It was well past quitting time on a Friday night, but Brenda Higuchi was still hard at work overseeing a team of data scientists who were analyzing data from a call centre.
It wasn’t a tough deadline or demanding schedule that kept Higuchi and her team working through most of that weekend — it was the Data for Good initiative at Aimia, a loyalty management company with 3,400 employees worldwide.
About 50 employees from offices across Canada signed up to participate in the volunteer initiative. The employees helped four different not-for-profit organizations by donating their time — and their highly specialized skills.
“The goal was to help them analyze trends and patterns in their data and make recommendations to help meaningfully improve their program,” said Higuchi, who is vice-president of analytics and CRM at Aimia in Mississauga.
“It really is an event that lets us use our skills in analytics and our expertise and knowledge about leveraging data to further strengthen our ability to affect change in the communities we operate in.”
Higuchi was project manager for the initiative at United Way Toronto’s 211 phone service, with an objective of examining peak call times and types of inquiries to find ways to optimize service.
The hands-on, skills-based nature of the volunteer experience was a rewarding addition to Aimia’s other community investment initiatives, said Higuchi.
“We give donations as an organization, we provide volunteer support, but this was just another way that we can provide knowledge and expertise to these organizations that support our communities,” she said.
And the benefits — both for the participating non-profits and for Aimia’s own corporate values and culture — went far beyond anyone’s expectations.
“It was just a fantastic experience for everybody,” said Higuchi.
“I would highly recommend it for any organization, particularly if they have a unique skill set to offer. I know the organizations (Aimia worked with) were very grateful.”
New ways to engage employees
Skills-based volunteering is one of the many ways organizations are directly engaging employees in corporate community investment strategies.
Employers are looking toward innovative and diverse ways to give back to communities, according to the Conference Board of Canada’s 2013 Canadian Corporate Community Investment Benchmarking Report, based on a survey of 180 companies.
“Money is certainly the number one most common way that companies are contributing, but a lot of them are giving in a number of other ways, whether that’s through in-kind resources, so donations of services or goods… as well as through engaging their employees,” said Michael Bassett, senior research associate at the Conference Board in Ottawa.

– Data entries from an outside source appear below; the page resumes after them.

(* Peirce operations relative to e1: e_1 a := e1 a, e_2 a := a - e1 a,
   a e_1 := a e1, a e_2 := a - a e1. *)
Definition peL (e1 : R) (i : bool) (a : R) : R := if i then mul e1 a else a - mul e1 a.
Definition peR (e1 : R) (j : bool) (a : R) : R := if j then mul a e1 else a - mul a e1.

(* Peirce component R_ij = e_i R e_j  (i, j = true for 1, false for 2) *)
Definition peirce (e1 : R) (i j : bool) (x : R) : Prop :=
  exists a, x = peR e1 j (peL e1 i a).

Definition almost_additive (D : R -> R) : Prop :=
  forall a b, in_center (D (a + b) - D a - D b).
End NonAssoc.

From Pilot Require Import Defs.
From mathcomp Require Import all_boot all_algebra.
Set Implicit Arguments. Unset Strict Implicit. Unset Printing Implicit Defensive.
Import GRing.Theory.
Local Open Scope ring_scope.

(* Write S(a, b) = D(a + b) - D a - D b.  Since p_n is additive in each slot
   and D is a Lie n-derivation, S(p_n(.., a, ..), p_n(.., b, ..)) =
   p_n(.., S(a, b), ..).  Apply this to the probes p_n(a, c, e, ..., e) =
   ad^(n-2) [a, c], where ad y = [y, e].  The map ad kills R11 + R22 and acts on
   R12 + R21 as -1 on R12 and as 1 on R21.  Hence S(a, b) lies in R11 + R22
   once S(p_n(a, e, ..), p_n(b, e, ..)) does, and p_n(a, e, ..) lies in
   R12 + R21; then [S(a, b), c] in R12 vanishes as soon as S of the probes with
   c lies in R11 + R22, so that (i) makes S(a, b) central.  For u, v in
   R12 + R21 one first shows that S(e, x) is central for x in R12 or R21,
   writes u and v as probes p_n(e, y, ..) and p_n(x, e, ..), and uses the
   cocycle identity S(a + b, c) + S(a, b) = S(a, b + c) + S(b, c) with
   c = p_n(x, y, ..). *)

Section Update.
Variable T : zmodType.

“Over half the companies we looked at that responded to our survey said they had an employee volunteering program. Also, they’re engaging their employees through efforts to match employee donations,” he said.
“Anecdotally, we’re hearing that companies are becoming more sophisticated in these programs, because they’re seeing broader benefits.”
In fact, very few companies reduced their community investment budgets, despite still-uncertain economic conditions, found the survey.
“We thought we’d see more companies reducing their budgets but what we found was that most of them kept them — and some of them even grew,” said Bassett.
“Companies are looking for ways to engage and have engaged employees, and volunteering and contributions towards the community is one of the ways companies are using to have engaged employees.”
Moving beyond ‘chequebook philanthropy’
Engaging employees in corporate volunteer initiatives goes far beyond “chequebook philanthropy,” according to Janelle St. Omer, director of corporate community partnerships at Volunteer Canada in Ottawa.
The national, not-for-profit organization engages in research, training and leadership on volunteerism, and Volunteer Canada is seeing an increase in skills-based volunteering, said St. Omer.
“There’s a lot of skills-based volunteerism taking place now, where companies are using their expertise to go out and really impact communities,” she said.
“It’s a growing trend and I think what’s so amazing about that is it’s a different way of volunteering.”
It’s about responding to evolving needs within non-profits and communities, and it’s also changing the ways volunteers want to be engaged, said St. Omer.
For example, a women’s shelter without an in-house marketing team could spend a day partnering with a company that has a very strong, robust marketing team to go over marketing materials and planning, she said.
“A non-profit would never be able to pay for that kind of day or those kinds of resources, and what we’re seeing coming out of those kinds of volunteer opportunities are just truly amazing.”
One of the effects of skills volunteering is an immediate, positive boost to the corporate culture.
“Employees leave feeling such a sense of pride and such a sense of accomplishment because they’re able to see the impact right away,” said St. Omer.
“It helps to lend purpose to (the) employees’ work. It provides them with a strong platform for their leadership and skills development.”
The volunteering also helps promote an organization’s corporate values and makes employees feel personally connected to them.
“Employees who are engaged in volunteerism generally feel very good about the company that they work for,” she said.
“It also helps employees connect with the company by living and seeing and breathing the company values at work — it helps to sort of strengthen those values and have them be cultural drivers, because employees actually feel a part of what the company stands for.”